*PROBLEM TO SOLVE*. Transcribe the records from the line containing "have := ler_norm (- (s * bform" onward, up to and including the final line, exactly and without anything else.

==*==

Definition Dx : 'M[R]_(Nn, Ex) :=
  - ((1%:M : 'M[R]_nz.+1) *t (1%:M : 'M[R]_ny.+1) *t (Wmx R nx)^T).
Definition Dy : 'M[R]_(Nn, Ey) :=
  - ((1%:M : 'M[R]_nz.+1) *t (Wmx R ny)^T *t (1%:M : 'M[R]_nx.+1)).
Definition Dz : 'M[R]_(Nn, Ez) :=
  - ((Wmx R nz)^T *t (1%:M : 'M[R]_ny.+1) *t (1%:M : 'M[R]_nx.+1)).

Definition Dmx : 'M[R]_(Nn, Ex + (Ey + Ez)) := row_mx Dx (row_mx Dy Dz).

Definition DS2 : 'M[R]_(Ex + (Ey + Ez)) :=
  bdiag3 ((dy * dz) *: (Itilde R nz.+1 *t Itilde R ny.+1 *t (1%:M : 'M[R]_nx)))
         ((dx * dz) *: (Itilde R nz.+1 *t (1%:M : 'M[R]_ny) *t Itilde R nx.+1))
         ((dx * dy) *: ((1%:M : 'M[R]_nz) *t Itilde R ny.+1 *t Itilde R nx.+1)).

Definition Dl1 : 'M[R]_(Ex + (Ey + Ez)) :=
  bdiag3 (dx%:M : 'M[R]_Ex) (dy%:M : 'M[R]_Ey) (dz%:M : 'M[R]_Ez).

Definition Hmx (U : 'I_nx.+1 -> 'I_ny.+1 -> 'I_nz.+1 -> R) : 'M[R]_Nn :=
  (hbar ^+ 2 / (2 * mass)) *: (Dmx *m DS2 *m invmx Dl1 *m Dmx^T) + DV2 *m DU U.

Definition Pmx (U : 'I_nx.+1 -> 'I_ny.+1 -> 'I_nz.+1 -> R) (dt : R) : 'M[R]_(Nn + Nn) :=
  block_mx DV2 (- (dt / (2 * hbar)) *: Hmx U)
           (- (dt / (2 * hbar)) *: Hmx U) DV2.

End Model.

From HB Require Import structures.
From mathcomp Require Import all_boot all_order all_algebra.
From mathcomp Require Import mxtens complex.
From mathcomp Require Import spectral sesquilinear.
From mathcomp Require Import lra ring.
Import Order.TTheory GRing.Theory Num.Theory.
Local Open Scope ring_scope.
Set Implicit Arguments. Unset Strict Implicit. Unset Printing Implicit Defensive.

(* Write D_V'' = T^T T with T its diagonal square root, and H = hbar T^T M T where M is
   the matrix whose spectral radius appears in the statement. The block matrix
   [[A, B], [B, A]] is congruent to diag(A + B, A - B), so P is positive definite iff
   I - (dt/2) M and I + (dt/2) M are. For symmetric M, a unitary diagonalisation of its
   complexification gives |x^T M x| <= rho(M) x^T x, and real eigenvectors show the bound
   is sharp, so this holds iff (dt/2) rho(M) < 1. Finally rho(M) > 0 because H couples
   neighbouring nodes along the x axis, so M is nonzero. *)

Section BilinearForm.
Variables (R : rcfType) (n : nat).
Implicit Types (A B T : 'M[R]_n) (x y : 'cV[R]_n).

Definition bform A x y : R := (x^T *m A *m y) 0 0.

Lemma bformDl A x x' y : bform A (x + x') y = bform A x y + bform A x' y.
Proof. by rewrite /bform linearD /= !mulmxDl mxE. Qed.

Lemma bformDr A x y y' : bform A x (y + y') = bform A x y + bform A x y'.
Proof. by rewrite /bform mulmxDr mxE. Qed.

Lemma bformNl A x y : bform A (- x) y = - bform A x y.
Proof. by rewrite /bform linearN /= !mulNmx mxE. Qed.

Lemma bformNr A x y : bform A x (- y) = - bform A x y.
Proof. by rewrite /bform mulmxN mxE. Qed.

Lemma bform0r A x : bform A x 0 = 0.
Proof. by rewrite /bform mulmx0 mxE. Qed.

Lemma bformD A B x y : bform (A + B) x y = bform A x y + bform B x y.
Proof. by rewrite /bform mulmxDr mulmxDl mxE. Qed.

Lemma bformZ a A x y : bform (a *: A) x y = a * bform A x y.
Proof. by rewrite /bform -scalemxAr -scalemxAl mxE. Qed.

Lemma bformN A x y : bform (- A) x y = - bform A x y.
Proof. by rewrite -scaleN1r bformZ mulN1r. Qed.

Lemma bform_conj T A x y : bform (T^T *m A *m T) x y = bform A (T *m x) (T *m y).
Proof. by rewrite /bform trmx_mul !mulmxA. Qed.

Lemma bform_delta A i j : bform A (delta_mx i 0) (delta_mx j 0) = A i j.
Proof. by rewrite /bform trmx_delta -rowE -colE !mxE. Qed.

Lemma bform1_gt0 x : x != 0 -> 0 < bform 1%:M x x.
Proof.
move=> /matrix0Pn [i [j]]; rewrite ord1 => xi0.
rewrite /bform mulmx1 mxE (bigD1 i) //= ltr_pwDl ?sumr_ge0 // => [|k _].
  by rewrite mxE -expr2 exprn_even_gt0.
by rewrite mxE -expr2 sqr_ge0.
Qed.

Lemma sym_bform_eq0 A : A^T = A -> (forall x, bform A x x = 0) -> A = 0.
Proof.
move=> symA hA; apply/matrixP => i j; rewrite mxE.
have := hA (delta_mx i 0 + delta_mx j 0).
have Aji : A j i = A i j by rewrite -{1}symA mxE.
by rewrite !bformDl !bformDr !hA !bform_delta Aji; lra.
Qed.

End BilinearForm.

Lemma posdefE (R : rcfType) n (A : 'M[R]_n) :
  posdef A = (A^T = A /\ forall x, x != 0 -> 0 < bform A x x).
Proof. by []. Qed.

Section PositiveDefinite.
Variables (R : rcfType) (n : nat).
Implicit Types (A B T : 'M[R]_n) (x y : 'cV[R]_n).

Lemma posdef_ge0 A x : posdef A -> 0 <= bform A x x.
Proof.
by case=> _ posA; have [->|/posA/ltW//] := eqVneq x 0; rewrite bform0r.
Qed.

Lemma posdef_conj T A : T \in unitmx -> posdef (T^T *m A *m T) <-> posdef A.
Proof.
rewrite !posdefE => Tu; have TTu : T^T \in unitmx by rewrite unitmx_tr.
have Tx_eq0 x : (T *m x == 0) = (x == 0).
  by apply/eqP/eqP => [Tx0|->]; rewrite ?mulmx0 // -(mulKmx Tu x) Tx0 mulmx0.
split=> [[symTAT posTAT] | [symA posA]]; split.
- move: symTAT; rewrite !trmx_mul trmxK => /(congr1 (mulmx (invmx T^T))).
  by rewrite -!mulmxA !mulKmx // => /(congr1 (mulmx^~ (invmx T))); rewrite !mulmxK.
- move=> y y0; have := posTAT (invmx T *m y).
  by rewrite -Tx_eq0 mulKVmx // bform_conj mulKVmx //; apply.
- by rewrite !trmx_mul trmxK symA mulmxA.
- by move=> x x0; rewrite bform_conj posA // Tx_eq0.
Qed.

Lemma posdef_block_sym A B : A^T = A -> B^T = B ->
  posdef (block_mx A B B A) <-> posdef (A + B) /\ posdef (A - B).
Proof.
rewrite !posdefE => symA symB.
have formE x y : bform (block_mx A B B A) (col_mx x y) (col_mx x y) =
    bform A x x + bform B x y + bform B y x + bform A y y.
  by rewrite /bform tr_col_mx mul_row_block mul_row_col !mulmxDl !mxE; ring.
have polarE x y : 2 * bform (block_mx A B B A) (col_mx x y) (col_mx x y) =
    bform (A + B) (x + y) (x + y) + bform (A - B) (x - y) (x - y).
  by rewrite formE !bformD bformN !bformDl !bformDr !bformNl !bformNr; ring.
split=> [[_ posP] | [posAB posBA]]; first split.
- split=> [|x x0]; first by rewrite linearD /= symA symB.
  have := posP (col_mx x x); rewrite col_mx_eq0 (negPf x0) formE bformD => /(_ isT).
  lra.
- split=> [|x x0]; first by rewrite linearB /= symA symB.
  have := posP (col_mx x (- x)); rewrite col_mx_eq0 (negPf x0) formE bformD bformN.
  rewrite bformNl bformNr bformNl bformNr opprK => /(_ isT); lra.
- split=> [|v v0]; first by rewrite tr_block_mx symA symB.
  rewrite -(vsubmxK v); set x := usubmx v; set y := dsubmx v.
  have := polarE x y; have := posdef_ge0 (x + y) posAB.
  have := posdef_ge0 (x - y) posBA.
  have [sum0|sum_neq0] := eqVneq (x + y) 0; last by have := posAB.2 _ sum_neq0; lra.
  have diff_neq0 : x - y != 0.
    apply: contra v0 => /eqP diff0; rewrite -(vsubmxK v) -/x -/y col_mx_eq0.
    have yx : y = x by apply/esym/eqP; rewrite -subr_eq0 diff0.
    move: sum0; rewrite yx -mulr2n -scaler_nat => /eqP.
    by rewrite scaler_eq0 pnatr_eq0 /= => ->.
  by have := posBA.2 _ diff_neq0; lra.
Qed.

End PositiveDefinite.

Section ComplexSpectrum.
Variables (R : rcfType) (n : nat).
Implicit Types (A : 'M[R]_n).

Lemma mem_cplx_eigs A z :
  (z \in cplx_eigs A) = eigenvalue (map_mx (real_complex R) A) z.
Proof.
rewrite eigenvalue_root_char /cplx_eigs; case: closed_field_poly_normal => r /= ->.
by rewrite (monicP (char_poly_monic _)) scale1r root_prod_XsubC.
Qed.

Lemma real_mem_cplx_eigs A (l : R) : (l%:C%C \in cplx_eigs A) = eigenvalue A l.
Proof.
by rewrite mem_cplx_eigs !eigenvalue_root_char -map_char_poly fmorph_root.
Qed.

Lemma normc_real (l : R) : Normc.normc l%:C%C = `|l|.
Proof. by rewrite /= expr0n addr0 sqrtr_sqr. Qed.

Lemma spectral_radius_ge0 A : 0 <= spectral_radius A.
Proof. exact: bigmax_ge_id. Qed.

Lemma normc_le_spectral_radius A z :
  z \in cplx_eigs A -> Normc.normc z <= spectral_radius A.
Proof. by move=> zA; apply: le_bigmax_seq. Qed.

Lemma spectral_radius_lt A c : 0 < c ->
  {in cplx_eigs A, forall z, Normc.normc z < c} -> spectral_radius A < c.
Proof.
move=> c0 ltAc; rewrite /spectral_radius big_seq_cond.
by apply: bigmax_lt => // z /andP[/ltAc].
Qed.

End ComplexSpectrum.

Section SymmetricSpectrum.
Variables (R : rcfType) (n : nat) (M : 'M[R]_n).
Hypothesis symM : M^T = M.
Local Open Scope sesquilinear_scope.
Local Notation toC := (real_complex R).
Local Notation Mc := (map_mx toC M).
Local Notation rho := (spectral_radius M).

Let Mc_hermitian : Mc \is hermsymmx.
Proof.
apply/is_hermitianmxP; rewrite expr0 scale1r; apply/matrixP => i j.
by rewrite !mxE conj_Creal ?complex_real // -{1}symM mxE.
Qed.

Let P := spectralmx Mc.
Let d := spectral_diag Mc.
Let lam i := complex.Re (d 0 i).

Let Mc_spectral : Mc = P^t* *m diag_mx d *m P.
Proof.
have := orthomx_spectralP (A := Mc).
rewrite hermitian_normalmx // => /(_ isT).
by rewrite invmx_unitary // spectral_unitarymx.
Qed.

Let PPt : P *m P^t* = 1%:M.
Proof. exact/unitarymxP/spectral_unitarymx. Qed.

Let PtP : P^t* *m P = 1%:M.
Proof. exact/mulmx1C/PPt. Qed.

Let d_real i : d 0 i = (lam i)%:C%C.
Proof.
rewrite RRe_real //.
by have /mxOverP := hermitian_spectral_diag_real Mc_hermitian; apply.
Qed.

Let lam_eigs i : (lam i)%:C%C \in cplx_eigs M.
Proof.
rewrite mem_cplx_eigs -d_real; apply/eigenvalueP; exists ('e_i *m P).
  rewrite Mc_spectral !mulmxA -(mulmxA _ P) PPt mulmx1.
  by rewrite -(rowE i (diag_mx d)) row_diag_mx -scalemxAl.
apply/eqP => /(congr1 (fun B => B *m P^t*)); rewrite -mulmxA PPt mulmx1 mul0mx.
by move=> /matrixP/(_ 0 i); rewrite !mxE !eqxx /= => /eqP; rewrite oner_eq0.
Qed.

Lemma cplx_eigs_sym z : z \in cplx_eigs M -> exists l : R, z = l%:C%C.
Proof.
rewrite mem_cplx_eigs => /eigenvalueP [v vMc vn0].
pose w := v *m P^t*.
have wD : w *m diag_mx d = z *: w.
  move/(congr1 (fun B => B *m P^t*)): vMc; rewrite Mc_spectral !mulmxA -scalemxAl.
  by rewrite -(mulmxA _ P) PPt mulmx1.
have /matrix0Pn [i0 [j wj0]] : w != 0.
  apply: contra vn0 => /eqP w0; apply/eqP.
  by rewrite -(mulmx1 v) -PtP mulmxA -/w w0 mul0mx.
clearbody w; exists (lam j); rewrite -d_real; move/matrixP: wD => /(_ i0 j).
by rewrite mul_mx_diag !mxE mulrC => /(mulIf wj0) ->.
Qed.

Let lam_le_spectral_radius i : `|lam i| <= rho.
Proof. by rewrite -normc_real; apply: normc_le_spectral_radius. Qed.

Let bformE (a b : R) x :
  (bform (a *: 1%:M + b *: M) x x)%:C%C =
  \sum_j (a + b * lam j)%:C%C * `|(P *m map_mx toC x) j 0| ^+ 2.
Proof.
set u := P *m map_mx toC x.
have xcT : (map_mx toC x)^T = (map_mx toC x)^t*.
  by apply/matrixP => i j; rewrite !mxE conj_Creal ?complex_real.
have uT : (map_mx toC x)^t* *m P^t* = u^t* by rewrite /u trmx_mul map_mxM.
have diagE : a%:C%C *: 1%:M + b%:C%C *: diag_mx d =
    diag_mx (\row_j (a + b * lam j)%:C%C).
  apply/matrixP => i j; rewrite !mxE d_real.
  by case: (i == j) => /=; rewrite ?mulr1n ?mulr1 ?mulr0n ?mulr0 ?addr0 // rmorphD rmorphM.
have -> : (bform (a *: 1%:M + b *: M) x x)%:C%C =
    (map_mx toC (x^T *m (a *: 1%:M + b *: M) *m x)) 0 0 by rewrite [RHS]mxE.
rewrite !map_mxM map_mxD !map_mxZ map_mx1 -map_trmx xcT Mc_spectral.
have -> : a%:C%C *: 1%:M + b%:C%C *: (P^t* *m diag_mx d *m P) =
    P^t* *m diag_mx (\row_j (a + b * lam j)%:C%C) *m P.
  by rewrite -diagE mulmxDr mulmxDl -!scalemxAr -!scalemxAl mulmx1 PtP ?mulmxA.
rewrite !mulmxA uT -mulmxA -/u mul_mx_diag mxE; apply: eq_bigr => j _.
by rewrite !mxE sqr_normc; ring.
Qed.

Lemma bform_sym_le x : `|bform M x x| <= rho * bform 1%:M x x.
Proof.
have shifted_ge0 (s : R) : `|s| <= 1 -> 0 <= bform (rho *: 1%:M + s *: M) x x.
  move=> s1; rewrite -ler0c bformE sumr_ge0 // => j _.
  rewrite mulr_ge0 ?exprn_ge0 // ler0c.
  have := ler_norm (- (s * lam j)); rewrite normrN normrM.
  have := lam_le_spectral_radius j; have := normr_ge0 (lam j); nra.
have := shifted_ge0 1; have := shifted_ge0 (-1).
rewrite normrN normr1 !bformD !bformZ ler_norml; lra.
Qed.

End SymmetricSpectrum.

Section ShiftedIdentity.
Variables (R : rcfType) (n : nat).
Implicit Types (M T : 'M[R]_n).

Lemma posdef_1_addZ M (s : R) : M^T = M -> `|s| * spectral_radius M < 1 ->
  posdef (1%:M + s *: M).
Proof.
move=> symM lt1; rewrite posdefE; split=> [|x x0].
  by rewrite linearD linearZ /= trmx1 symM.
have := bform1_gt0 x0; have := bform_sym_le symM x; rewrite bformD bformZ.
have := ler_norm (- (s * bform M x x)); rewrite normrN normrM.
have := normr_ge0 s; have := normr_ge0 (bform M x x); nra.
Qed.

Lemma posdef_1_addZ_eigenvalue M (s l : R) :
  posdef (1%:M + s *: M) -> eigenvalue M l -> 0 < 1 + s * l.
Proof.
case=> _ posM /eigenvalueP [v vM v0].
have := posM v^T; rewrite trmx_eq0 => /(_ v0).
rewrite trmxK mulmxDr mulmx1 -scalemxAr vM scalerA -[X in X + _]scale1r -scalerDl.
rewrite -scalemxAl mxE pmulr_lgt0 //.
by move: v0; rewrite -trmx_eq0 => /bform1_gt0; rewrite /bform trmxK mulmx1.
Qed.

==*==

*ANSWER BELOW*.
have := ler_norm (- (s * bform M x x)); rewrite normrN normrM.
have := normr_ge0 s; have := normr_ge0 (bform M x x); nra.
Qed.

Lemma posdef_1_addZ_eigenvalue M (s l : R) :
  posdef (1%:M + s *: M) -> eigenvalue M l -> 0 < 1 + s * l.
Proof.
case=> _ posM /eigenvalueP [v vM v0].
have := posM v^T; rewrite trmx_eq0 => /(_ v0).
rewrite trmxK mulmxDr mulmx1 -scalemxAr vM scalerA -[X in X + _]scale1r -scalerDl.
rewrite -scalemxAl mxE pmulr_lgt0 //.
by move: v0; rewrite -trmx_eq0 => /bform1_gt0; rewrite /bform trmxK mulmx1.
Qed.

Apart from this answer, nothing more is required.